Displaying Weakness to the Kremlin
Displaying Weakness to the Kremlin
For a U.S. administration claiming that it wants to restore American power in order, among other things, to negotiate from a position of strength, the past week has not advanced the cause.

For a U.S. administration claiming that it wants to restore American power in order, among other things, to negotiate from a position of strength, the past week has not advanced the cause. President Donald Trump and senior cabinet officials took positions that the Kremlin will read as displaying weakness, not strength.
Start with the president. Trump has been giving Russian leader Vladimir Putin “two weeks” to show that Russia intends to negotiate seriously to end its war with Ukraine since late April. His latest “two weeks” to show whether Putin was “tapping us along” ran out on June 11.
What has Moscow been doing? It has not altered its maximalist negotiating demands. Seeking Ukraine’s total capitulation does nothing to move negotiations forward. Russia instead has launched massive missile and drone attacks on Kyiv and other Ukrainian cities.
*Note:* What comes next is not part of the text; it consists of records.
Lemma cat_uniq_sep (T : eqType) (sep : T -> nat) i (s1 s2 : seq T) :
    {in s1, forall x, sep x = i} -> {in s2, forall x, sep x != i} ->
  uniq (s1 ++ s2) = uniq s1 && uniq s2.
Proof.
move=> s1i s2i; rewrite cat_uniq; congr (_ && _).
suff -> : ~~ has (mem s1) s2 by [].
by apply/hasPn => x /s2i; apply: contra => /s1i ->.
Qed.

Definition trinomial k b u := 'C(k + (b + u), k) * 'C(b + u, b).

Lemma trinomial_fact k b u : trinomial k b u * (k`! * (b`! * u`!)) = (k + (b + u))`!.
Proof.
have /[!addKn] eCbu := bin_fact (leq_addr u b).
have /[!addKn] eCk := bin_fact (leq_addr (b + u) k).
by rewrite /trinomial -eCk -eCbu; ring.
Qed.

Lemma fact3_gt0 k b u : 0 < k`! * (b`! * u`!).
Proof. by rewrite !muln_gt0 !fact_gt0. Qed.

Lemma trinomialSl k b u : (k + (b + u)).+1 * trinomial k b u = k.+1 * trinomial k.+1 b u.
Proof.
apply/eqP; rewrite -(eqn_pmul2r (fact3_gt0 k b u)) -mulnA trinomial_fact -factS.
by rewrite -addSn -(trinomial_fact k.+1) factS; apply/eqP; ring.
Qed.

Lemma trinomialSm k b u : (k + (b + u)).+1 * trinomial k b u = b.+1 * trinomial k b.+1 u.
Proof.
apply/eqP; rewrite -(eqn_pmul2r (fact3_gt0 k b u)) -mulnA trinomial_fact -factS.
by rewrite -addnS -addSn -(trinomial_fact k b.+1) factS; apply/eqP; ring.
Qed.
The two leaders spoke by phone on June 14, mainly about Israel and Iran. Later on social media, Trump wrote that he had devoted little time to the Russia-Ukraine war in the call, consigning that discussion to the coming week (another two weeks for Putin?). Neither the White House nor Kremlin read-outs of the call suggested that Trump had pressed Putin on Ukraine or threatened any consequences if the Kremlin did not alter its current policy course.
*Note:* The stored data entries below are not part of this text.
(* Let [s] be the permutation [x |-> pi (rho x)].  Its cycles come in mirror
   pairs [O], [pi O], and each component of [pi ∪ rho] is the union of such a
   pair, so [s] has [2 c(pi ∪ rho)] cycles.  Resolving a crossing of [rho]
   multiplies [s] by two transpositions, each of which merges or splits one
   cycle; going through the cases gives the skein relation
   [(-2)^c(rho) = - (-2)^c(rho_1) - (-2)^c(rho_2)], which is the rule defining
   [P].  Since resolving a crossing lowers the number of crossings, both sides
   of the identity are determined by their values at planar [rho].  There the
   identity is a sign computation: planar pairings join points of opposite
   parity, and on the even points [s] acts as [sigma_rho sigma_pi^-1], where
   [sigma_pi] is the permutation defining [sign_OE pi]; a permutation of [n]
   points with [k] cycles has sign [(-1)^(n + k)]. *)

Section TpermOrbits.
Variable T : finType.
Implicit Types (s : {perm T}) (x y z : T).
Local Open Scope group_scope.

Lemma porbit_trans s x y z :
  x \in porbit s y -> y \in porbit s z -> x \in porbit s z.
Proof. by rewrite -!eq_porbit_mem => /eqP ->. Qed.

Lemma mem_porbit_perm s x : s x \in porbit s x.
Proof. by have := mem_porbit s 1 x; rewrite expg1. Qed.

Lemma mem_porbit_permr s x y : y \in porbit s x -> s y \in porbit s x.
Proof. exact/porbit_trans/mem_porbit_perm. Qed.

Lemma card_porbits_tpermM s x y : x != y ->
  #|porbits (tperm x y * s)| + (x \notin porbit s y).*2 = #|porbits s| + 1.
Proof. by move=> nxy; have := porbits_mul_tperm s x y; rewrite /= nxy. Qed.

Lemma mem_porbit_tpermM s x y : x != y ->
  (x \in porbit (tperm x y * s) y) = (x \notin porbit s y).
Proof.
move=> nxy; have := card_porbits_tpermM s nxy.
have := card_porbits_tpermM (tperm x y * s) nxy; rewrite tpermKg.
by case: (x \in porbit (tperm x y * s) y); case: (x \in porbit s y) => /=; lia.
Qed.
Trump’s administration continued to oppose a proposal put forward by the European Union and Britain for the G7 to agree to lower the price cap for Russian oil from $60 to $45 per barrel. Trump left the G7 summit in Canada a day early, after resisting a push by the other G7 leaders to apply new sanctions on Russia. Trump complained that the sanctions would prove too costly for America, though it is unclear how lowering the price that Russia receives for oil would cost the United States a single dime. In the end, the G7 summit issued no statement on Ukraine, reportedly due to Trump’s opposition.
While Trump has expressed unhappiness with Putin, he has done nothing substantial to penalize Russia’s recalcitrance. Putin clearly believes he can string the U.S. president along while continuing to make war on Ukraine. Trump only reaffirmed his weakness this past week.
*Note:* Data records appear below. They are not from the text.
Lemma rhs_odd_step k r s x : (0 < r <= k)%N -> (0 < s < k)%N -> ChebU (2*k) (x/2) <> 0 ->
  rhs_odd k r s x - (if r == s then 1 else 0) =
  x * rhs_even k r s x + (rhs_odd k r s.+1 x - (if r == s.+1 then 1 else 0)).
Proof.
move=> /andP[r_pos r_le] /andP[s_pos s_lt] W_ne0.
have [lt_r|gt_r|->] := ltngtP r s.
- rhs_cases.
  rewrite (sign_succ (r+s.+1+1) (r+s+1) ltac:(lia)).
  rewrite (cheb_rec x (2*k+1-2*s) (2*k-2*s) (2*k+1-2*s.+1) ltac:(lia) ltac:(lia)).
  by field.
- have [|gt_r'|->] := ltngtP r s.+1; first lia.
  + rhs_cases.
    rewrite (sign_succ (r+s.+1+1) (r+s+1) ltac:(lia)).
    rewrite (cheb_rec x (2*s.+1-2) (2*s-1) (2*s-2) ltac:(lia) ltac:(lia)).
    by rewrite (_ : 2*k-2*r+1 = 2*k+1-2*r)%N; [field | lia].
  + rhs_cases.
    rewrite (sign_even (s.+1+s+1) s.+1 ltac:(lia)).
    rewrite (cheb_rec x (2*s.+1-2) (2*s-1) (2*s-2) ltac:(lia) ltac:(lia)).
    by rewrite (_ : 2*k-2*s.+1+1 = 2*k+1-2*s.+1)%N; [field | lia].
- rhs_cases.
  rewrite (sign_odd (s+s+1) s ltac:(lia)) (sign_even (s+s.+1+1) s.+1 ltac:(lia)).
  rewrite (cheb_rec x (2*k+1-2*s) (2*k-2*s) (2*k+1-2*s.+1) ltac:(lia) ltac:(lia)).
  by field.
Qed.


Lemma rhs_solves_system k r x : (0 < r <= k)%N -> ChebU (2*k) (x/2) <> 0 ->
  solves_system k r x (fun s => rhs_odd k r s x) (fun s => rhs_even k r s x).
Proof.
move=> r_range W_ne0 s s_range; split.
  apply: (telescope_up k x (fun c => rhs_odd k r c x) (fun c => rhs_even k r c x)) s_range.
    exact: rhs_even_base.
  by move=> s' s'_range; apply: rhs_even_step.
apply: (telescope_down k x (fun c => rhs_even k r c x) (fun c => rhs_odd k r c x)
          (fun c => if r == c then 1 else 0)) s_range.
  exact: rhs_odd_top.
by move=> s' s'_range /=; have := rhs_odd_step k r s' x r_range s'_range W_ne0; lra.
Qed.

Lemma cheb_at0 n : ChebU (2*n) 0 = (-1) ^ n /\ ChebU (2*n).+1 0 = 0.
Proof.
elim: n => [|n [even_n odd_n]]; first by split; rewrite /=; ring.
rewrite (_ : 2 * n.+1 = (2*n).+2)%N; last lia.
by split; rewrite ChebU_rec ?even_n ?odd_n /=; ring.
Qed.

Lemma cheb_continuous n : continuity_pt (fun y => ChebU n (y/2)) 0.
Proof.
suff [] : continuity_pt (fun y => ChebU n (y/2)) 0 /\
          continuity_pt (fun y => ChebU n.+1 (y/2)) 0 by [].
elim: n => [|n [cont_n cont_Sn]]; first by split; rewrite /=; reg.
split=> //.
change (continuity_pt (fun y => 2 * (y/2) * ChebU n.+1 (y/2) - ChebU n (y/2)) 0).
by apply: continuity_pt_minus => //; apply: continuity_pt_mult => //; reg.
Qed.

(* The denominator U_{2k}(x/2) does not vanish near x = 0, where it is +-1. *)
Lemma cheb_even_nonzero_near0 k :
  exists d, 0 < d /\ forall x, Rabs x < d -> ChebU (2*k) (x/2) <> 0.
Proof.
have value0 : ChebU (2*k) (0/2) = (-1) ^ k.
  by rewrite (_ : 0/2 = 0); [case: (cheb_at0 k) | field].
have [d [d_pos close]] := cheb_continuous (2*k) 1 Rlt_0_1.
exists d; split=> // x x_lt W0.
have [x0|x_ne0] := Req_dec x 0.
  by move: W0; rewrite x0 value0 => W0; have := pow_1_abs k; rewrite W0 Rabs_R0; lra.
have := close x (conj (conj I (not_eq_sym x_ne0)) (ltac:(by rewrite Rminus_0_r) : Rabs (x - 0) < d)).
by rewrite /dist /= /R_dist value0 W0 Rminus_0_l Rabs_Ropp pow_1_abs; lra.
Qed.

(* For |x| below both thresholds, the generating functions and the closed
   forms are two solutions of (S), hence equal. *)
Theorem theorem4 (k r s : nat) :
  (1 <= r)%N -> (r <= k)%N -> (1 <= s)%N -> (s <= k)%N ->
  exists eps : R, Rlt 0 eps /\
    forall x : R, Rlt (Rabs x) eps ->
      is_series (fun n : nat => Rmult (INR (Acard (2*n + 1) k r s)) (pow x (2*n)))
                (rhs_odd k r s x)
   /\ is_series (fun n : nat => Rmult (INR (Acard (2*n + 2) k r s)) (pow x (2*n + 1)))
                (rhs_even k r s x).
Proof.
move=> r_pos r_le s_pos s_le.
have r_range : (0 < r <= k)%N by apply/andP.
have s_range : (0 < s <= k)%N by apply/andP.
have [d [d_pos W_ne0]] := cheb_even_nonzero_near0 k.
have K_pos : 0 < 2 * INR k.+1 by have := lt_0_INR k.+1 (ltac:(lia)); lra.
exists (Rmin d (/ (2 * INR k.+1))); split; first by apply: Rmin_pos => //; apply: Rinv_0_lt_compat.
move=> x x_lt.
have W_x : ChebU (2*k) (x/2) <> 0 by apply/W_ne0/(Rlt_le_trans _ _ _ x_lt)/Rmin_l.
have Kx_small : 2 * INR k.+1 * Rabs x < 1.
  have x_lt' := Rlt_le_trans _ _ _ x_lt (Rmin_r _ _).
  by have := Rmult_lt_compat_l _ _ _ K_pos x_lt'; rewrite Rinv_r; lra.
have x_small : INR k.+1 * Rabs x < 1 by have := Rabs_pos x; nra.
have [odd_eq even_eq] := solves_system_unique k r x _ _ _ _ Kx_small
  (gf_solves_system k r x r_range x_small) (rhs_solves_system k r x r_range W_x) s s_range.
split; [rewrite -odd_eq; exact: odd_series | rewrite -even_eq; exact: even_series].
Qed.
Meanwhile at the State Department, Secretary Marco Rubio apparently thought it appropriate to issue a congratulatory message on Russia’s national day (June 12), something that American officials had not done for three years. Some Rubio defenders pointed to then-Secretary Antony Blinken’s 2022 message, but Blinken’s message, unlike Rubio’s, sharply rebuked Russia for both internal repression and its war against Ukraine.
Rubio’s message falls in line with the kid glove treatment the State Department has taken toward Russia under his leadership. The Department is pursuing talks on normalization of U.S.-Russia relations and has repeatedly opposed language in G7 statements and UN General Assembly resolutions that name Russia as the aggressor in the Russia-Ukraine war.
Rubio also serves as Trump’s National Security Advisor. On June 17, the press reported that an interagency working group charged with developing strategies for pushing the Kremlin to accelerate negotiations with Kyiv had been disbanded. The reason: Trump’s disinterest in pressuring Moscow.
Secretary of Defense Pete Hegseth’s hearing on Capitol Hill on June 13 did little to suggest a robust American position regarding Russia. Hegseth declined to say that he supported Ukraine in its fight against Russia and then had a perplexing exchange with Congressman Salud Carbajal. Carbajal asked whether Hegseth would recommend the United States fulfill its commitment under Article 5 of the NATO Treaty to defend a NATO ally invaded by Russia:
Hegseth: “Well, Russia has not invaded NATO allies …”
Carbajal: “No, no, no, no, no, no, no ... I reclaim my time. Yes or no, it’s that simple.”
Hegseth: “There’s Article Five in NATO, which we recognize.”
Carbajal: “So is the answer yes or no?”
Hegseth: “That’s what Article Five is, yes.”
Hegseth finally got the answer right—on his third try. His first answer should have been an unequivocal “yes.” Washington should want the Kremlin to believe that U.S. military power would respond were Russia to attack a NATO ally. That is key to deterring Moscow from ever conducting such an assault in the first place.
Putin may already harbor doubts regarding Trump’s commitment; recall Trump’s February 11, 2024 statement that the Russians could do “whatever the hell they want” to allies who fell short on meeting NATO’s defense spending targets. Hegseth’s reluctance to say “yes” from the start will only fuel Kremlin doubts, and that undermines deterrence.
All-in-all, not a good week for the administration’s approach toward Russia. Putin and other Kremlin officials certainly took note. They see weakness, which they will attempt to exploit against both America and America’s partners.